EXERCISE INPUT
■ ■ ■ ■ ■

(* Let $0<a<1$ and $r>0$. For $0\leq t\leq 1$ set $\Delta_t=\{(z,w)\in\mathbb{C}^2:|z|<(1+t)r,\ |w|<(1+2t)r\}$ and \[ F_t(z,w)=\big((1-t)z^2+(a+rt)w,\ az\big),\qquad \Omega_t=F_t(\Delta_t). \] Then: (i) $\Omega_t\subset\subset\Omega_s$ whenever $0\leq t<s\leq1$; (ii) $\Omega_t=\bigcup_{0\leq t'<t}\Omega_{t'}$ for every $0<t\leq 1$; (iii) $\overline{\Omega_t}=\bigcap_{t<s\leq1}\Omega_s$ for every $0\leq t<1$. *)

(* Complex numbers are mathcomp-real-closed's
   [R[i]] (= complex R) over an abstract [R : realType]; the Euclidean
   topology on C is the one mathcomp-analysis puts on the regular
   numField [R[i]^o], and C^2 carries the product topology. *)
From HB Require Import structures.
From mathcomp Require Import all_boot all_order all_algebra.
From mathcomp Require Import all_classical all_reals all_analysis.
From mathcomp Require Import complex.
Import Order.TTheory GRing.Theory Num.Theory.
Import numFieldTopology.Exports numFieldNormedType.Exports.
Local Open Scope classical_set_scope.
Local Open Scope ring_scope.
Local Open Scope complex_scope.

Set Implicit Arguments.
Unset Strict Implicit.
Unset Printing Implicit Defensive.

Notation Cplx R := ((complex R)^o).

Definition compactly_contained (T : topologicalType) (A B : set T) : Prop :=
  compact (closure A) /\ closure A `<=` B.

Definition Delta (R : realType) (r t : R) : set (Cplx R * Cplx R) :=
  [set p | `|(p.1 : R[i])| < ((1 + t) * r)%:C /\ `|(p.2 : R[i])| < ((1 + 2 * t) * r)%:C].

Definition Fmap (R : realType) (a r t : R) (p : Cplx R * Cplx R) : Cplx R * Cplx R :=
  (((1 - t)%:C * (p.1 : R[i]) ^+ 2 + (a + r * t)%:C * (p.2 : R[i]) : R[i]) : Cplx R,
   ((a%:C * (p.1 : R[i])) : R[i]) : Cplx R).

Definition Omega (R : realType) (a r t : R) : set (Cplx R * Cplx R) :=
  Fmap a r t @` Delta r t.

From HB Require Import structures.
From mathcomp Require Import all_boot all_order all_algebra.
From mathcomp Require Import all_classical all_reals all_analysis.
From mathcomp Require Import complex.
From mathcomp Require Import ring lra.
Import Order.TTheory GRing.Theory Num.Theory.
Import numFieldTopology.Exports numFieldNormedType.Exports.
Local Open Scope classical_set_scope.
Local Open Scope ring_scope.
Local Open Scope complex_scope.
Set Implicit Arguments.
Unset Strict Implicit.
Unset Printing Implicit Defensive.

(* The proof compares every Ω_t with K_t = F_t(cl Δ_t), the image of the
   closed polydisc.
   - Topology: K_t is compact (continuous image of a product of closed disks),
     hence closed, so closure Ω_t ⊆ K_t; conversely every point of cl Δ_t is a
     limit of points of Δ_t, so K_t ⊆ closure Ω_t.  Thus closure Ω_t = K_t.
   - Algebra: F_t is injective, and F_s(z,w) = F_t(z, reparam s t z w) for an
     explicit second coordinate; estimating its modulus gives
       K_t' ⊆ Ω_t for t' < t                        (forward_room),
       Ω_t ⊆ ⋃_{t'<t} Ω_t'                           (backward_room),
       ⋂_{s>t} Ω_s ⊆ K_t                            (letting s decrease to t).
   The three claims of the theorem follow at once: (i) from closure Ω_t = K_t
   ⊆ Ω_s, (ii) from the second and first inclusions, (iii) from the first and
   third ones. *)

Section RealFacts.
Variable R : realType.

Lemma small_parameter (t G H X Y : R) : 0 < t -> 0 < G -> 0 < H ->
  0 <= X -> 0 <= Y -> exists d, [/\ 0 < d, d <= t, d * X < G & d * Y < H].
Proof.
move=> t0 G0 H0 X0 Y0.
pose u := G / (X + 1); pose v := H / (Y + 1).
have u0 : 0 < u by rewrite divr_gt0 // ltr_wpDl.
have v0 : 0 < v by rewrite divr_gt0 // ltr_wpDl.
have uE : u * (X + 1) = G by rewrite /u mulfVK // gt_eqF // ltr_wpDl.
have vE : v * (Y + 1) = H by rewrite /v mulfVK // gt_eqF // ltr_wpDl.
exists (Num.min t (Num.min u v)).
have ht : Num.min t (Num.min u v) <= t by rewrite ge_min lexx.
have hu : Num.min t (Num.min u v) <= u by rewrite !ge_min lexx orbT.
have hv : Num.min t (Num.min u v) <= v by rewrite !ge_min lexx !orbT.
have h0 : 0 < Num.min t (Num.min u v) by rewrite !lt_min t0 u0 v0.
by split => //; nra.
Qed.

Lemma le_of_le_small_slack (x y K d : R) : 0 < d -> 0 <= K ->
  (forall e, 0 < e -> e <= d -> x <= y + e * K) -> x <= y.
Proof.
move=> d0 K0 slack; rewrite leNgt; apply/negP => yx.
have xy0 : 0 < x - y by rewrite subr_gt0.
have [e [e0 ed eK _]] := @small_parameter d (x - y) 1 K 0 d0 xy0 ltr01 K0 (lexx 0).
by have := slack e e0 ed; lra.
Qed.

End RealFacts.

Section ComplexModulus.
Variable R : realType.
Implicit Types (x y : R) (z u : R[i]).

(* The modulus of a complex number, as a real number: |z| = (modulus z)%:C. *)
Definition modulus z : R := Normc.normc z.

Lemma modulusE z : `|z| = (modulus z)%:C. Proof. by case: z. Qed.

Lemma modulus_ge0 z : 0 <= modulus z. Proof. by case: z => *; exact: sqrtr_ge0. Qed.

Lemma modulus_lt z x : (`|z| < x%:C) = (modulus z < x).
Proof. by rewrite modulusE ltcR. Qed.

Lemma modulus_real x : modulus x%:C = `|x|.
Proof. by rewrite /modulus /Normc.normc /= expr0n /= addr0 sqrtr_sqr. Qed.

Lemma modulusM z u : modulus (z * u) = modulus z * modulus u.
Proof. exact: Normc.normcM. Qed.

Lemma modulusV z : modulus z^-1 = (modulus z)^-1.
Proof. exact: Normc.normcV. Qed.

Lemma modulusD z u : modulus (z + u) <= modulus z + modulus u.
Proof. exact: le_normcD. Qed.

Lemma modulus_Re z : `|complex.Re z| <= modulus z.
Proof. case: z => x y; rewrite -sqrtr_sqr /=; apply: ler_wsqrtr; by rewrite lerDl sqr_ge0. Qed.

Lemma modulus_Im z : `|complex.Im z| <= modulus z.
Proof. case: z => x y; rewrite -sqrtr_sqr /=; apply: ler_wsqrtr; by rewrite lerDr sqr_ge0. Qed.

Lemma modulus_coord x y : modulus (x +i* y) <= `|x| + `|y|.
Proof.
have -> : x +i* y = x%:C + 'i * y%:C by rewrite [LHS]complexE.
apply: le_trans (modulusD _ _) _.
by rewrite modulusM !modulus_real /modulus /Normc.normc /= expr0n expr1n add0r sqrtr1 mul1r.
Qed.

■ ■ ■ ■ ■

HOW TO COMPLETE THIS TASK
Using the data above, print every record exactly as shown.

WRITTEN RESPONSE
(* Let $0<a<1$ and $r>0$. For $0\leq t\leq 1$ set $\Delta_t=\{(z,w)\in\mathbb{C}^2:|z|<(1+t)r,\ |w|<(1+2t)r\}$ and \[ F_t(z,w)=\big((1-t)z^2+(a+rt)w,\ az\big),\qquad \Omega_t=F_t(\Delta_t). \] Then: (i) $\Omega_t\subset\subset\Omega_s$ whenever $0\leq t<s\leq1$; (ii) $\Omega_t=\bigcup_{0\leq t'<t}\Omega_{t'}$ for every $0<t\leq 1$; (iii) $\overline{\Omega_t}=\bigcap_{t<s\leq1}\Omega_s$ for every $0\leq t<1$. *)

(* Complex numbers are mathcomp-real-closed's
   [R[i]] (= complex R) over an abstract [R : realType]; the Euclidean
   topology on C is the one mathcomp-analysis puts on the regular
   numField [R[i]^o], and C^2 carries the product topology. *)
From HB Require Import structures.
From mathcomp Require Import all_boot all_order all_algebra.
From mathcomp Require Import all_classical all_reals all_analysis.
From mathcomp Require Import complex.
Import Order.TTheory GRing.Theory Num.Theory.
Import numFieldTopology.Exports numFieldNormedType.Exports.
Local Open Scope classical_set_scope.
Local Open Scope ring_scope.
Local Open Scope complex_scope.

Set Implicit Arguments.
Unset Strict Implicit.
Unset Printing Implicit Defensive.

Notation Cplx R := ((complex R)^o).

Definition compactly_contained (T : topologicalType) (A B : set T) : Prop :=
  compact (closure A) /\ closure A `<=` B.

Definition Delta (R : realType) (r t : R) : set (Cplx R * Cplx R) :=
  [set p | `|(p.1 : R[i])| < ((1 + t) * r)%:C /\ `|(p.2 : R[i])| < ((1 + 2 * t) * r)%:C].

Definition Fmap (R : realType) (a r t : R) (p : Cplx R * Cplx R) : Cplx R * Cplx R :=
  (((1 - t)%:C * (p.1 : R[i]) ^+ 2 + (a + r * t)%:C * (p.2 : R[i]) : R[i]) : Cplx R,
   ((a%:C * (p.1 : R[i])) : R[i]) : Cplx R).

Definition Omega (R : realType) (a r t : R) : set (Cplx R * Cplx R) :=
  Fmap a r t @` Delta r t.

From HB Require Import structures.
From mathcomp Require Import all_boot all_order all_algebra.
From mathcomp Require Import all_classical all_reals all_analysis.
From mathcomp Require Import complex.
From mathcomp Require Import ring lra.
Import Order.TTheory GRing.Theory Num.Theory.
Import numFieldTopology.Exports numFieldNormedType.Exports.
Local Open Scope classical_set_scope.
Local Open Scope ring_scope.
Local Open Scope complex_scope.
Set Implicit Arguments.
Unset Strict Implicit.
Unset Printing Implicit Defensive.

(* The proof compares every Ω_t with K_t = F_t(cl Δ_t), the image of the
   closed polydisc.
   - Topology: K_t is compact (continuous image of a product of closed disks),
     hence closed, so closure Ω_t ⊆ K_t; conversely every point of cl Δ_t is a
     limit of points of Δ_t, so K_t ⊆ closure Ω_t.  Thus closure Ω_t = K_t.
   - Algebra: F_t is injective, and F_s(z,w) = F_t(z, reparam s t z w) for an
     explicit second coordinate; estimating its modulus gives
       K_t' ⊆ Ω_t for t' < t                        (forward_room),
       Ω_t ⊆ ⋃_{t'<t} Ω_t'                           (backward_room),
       ⋂_{s>t} Ω_s ⊆ K_t                            (letting s decrease to t).
   The three claims of the theorem follow at once: (i) from closure Ω_t = K_t
   ⊆ Ω_s, (ii) from the second and first inclusions, (iii) from the first and
   third ones. *)

Section RealFacts.
Variable R : realType.

Lemma small_parameter (t G H X Y : R) : 0 < t -> 0 < G -> 0 < H ->
  0 <= X -> 0 <= Y -> exists d, [/\ 0 < d, d <= t, d * X < G & d * Y < H].
Proof.
move=> t0 G0 H0 X0 Y0.
pose u := G / (X + 1); pose v := H / (Y + 1).
have u0 : 0 < u by rewrite divr_gt0 // ltr_wpDl.
have v0 : 0 < v by rewrite divr_gt0 // ltr_wpDl.
have uE : u * (X + 1) = G by rewrite /u mulfVK // gt_eqF // ltr_wpDl.
have vE : v * (Y + 1) = H by rewrite /v mulfVK // gt_eqF // ltr_wpDl.
exists (Num.min t (Num.min u v)).
have ht : Num.min t (Num.min u v) <= t by rewrite ge_min lexx.
have hu : Num.min t (Num.min u v) <= u by rewrite !ge_min lexx orbT.
have hv : Num.min t (Num.min u v) <= v by rewrite !ge_min lexx !orbT.
have h0 : 0 < Num.min t (Num.min u v) by rewrite !lt_min t0 u0 v0.
by split => //; nra.
Qed.

Lemma le_of_le_small_slack (x y K d : R) : 0 < d -> 0 <= K ->
  (forall e, 0 < e -> e <= d -> x <= y + e * K) -> x <= y.
Proof.
move=> d0 K0 slack; rewrite leNgt; apply/negP => yx.
have xy0 : 0 < x - y by rewrite subr_gt0.
have [e [e0 ed eK _]] := @small_parameter d (x - y) 1 K 0 d0 xy0 ltr01 K0 (lexx 0).
by have := slack e e0 ed; lra.
Qed.

End RealFacts.

Section ComplexModulus.
Variable R : realType.
Implicit Types (x y : R) (z u : R[i]).

(* The modulus of a complex number, as a real number: |z| = (modulus z)%:C. *)
Definition modulus z : R := Normc.normc z.

Lemma modulusE z : `|z| = (modulus z)%:C. Proof. by case: z. Qed.

Lemma modulus_ge0 z : 0 <= modulus z. Proof. by case: z => *; exact: sqrtr_ge0. Qed.

Lemma modulus_lt z x : (`|z| < x%:C) = (modulus z < x).
Proof. by rewrite modulusE ltcR. Qed.

Lemma modulus_real x : modulus x%:C = `|x|.
Proof. by rewrite /modulus /Normc.normc /= expr0n /= addr0 sqrtr_sqr. Qed.

Lemma modulusM z u : modulus (z * u) = modulus z * modulus u.
Proof. exact: Normc.normcM. Qed.

Lemma modulusV z : modulus z^-1 = (modulus z)^-1.
Proof. exact: Normc.normcV. Qed.

Lemma modulusD z u : modulus (z + u) <= modulus z + modulus u.
Proof. exact: le_normcD. Qed.

Lemma modulus_Re z : `|complex.Re z| <= modulus z.
Proof. case: z => x y; rewrite -sqrtr_sqr /=; apply: ler_wsqrtr; by rewrite lerDl sqr_ge0. Qed.

Lemma modulus_Im z : `|complex.Im z| <= modulus z.
Proof. case: z => x y; rewrite -sqrtr_sqr /=; apply: ler_wsqrtr; by rewrite lerDr sqr_ge0. Qed.

Lemma modulus_coord x y : modulus (x +i* y) <= `|x| + `|y|.
Proof.
have -> : x +i* y = x%:C + 'i * y%:C by rewrite [LHS]complexE.
apply: le_trans (modulusD _ _) _.
by rewrite modulusM !modulus_real /modulus /Normc.normc /= expr0n expr1n add0r sqrtr1 mul1r.
Qed.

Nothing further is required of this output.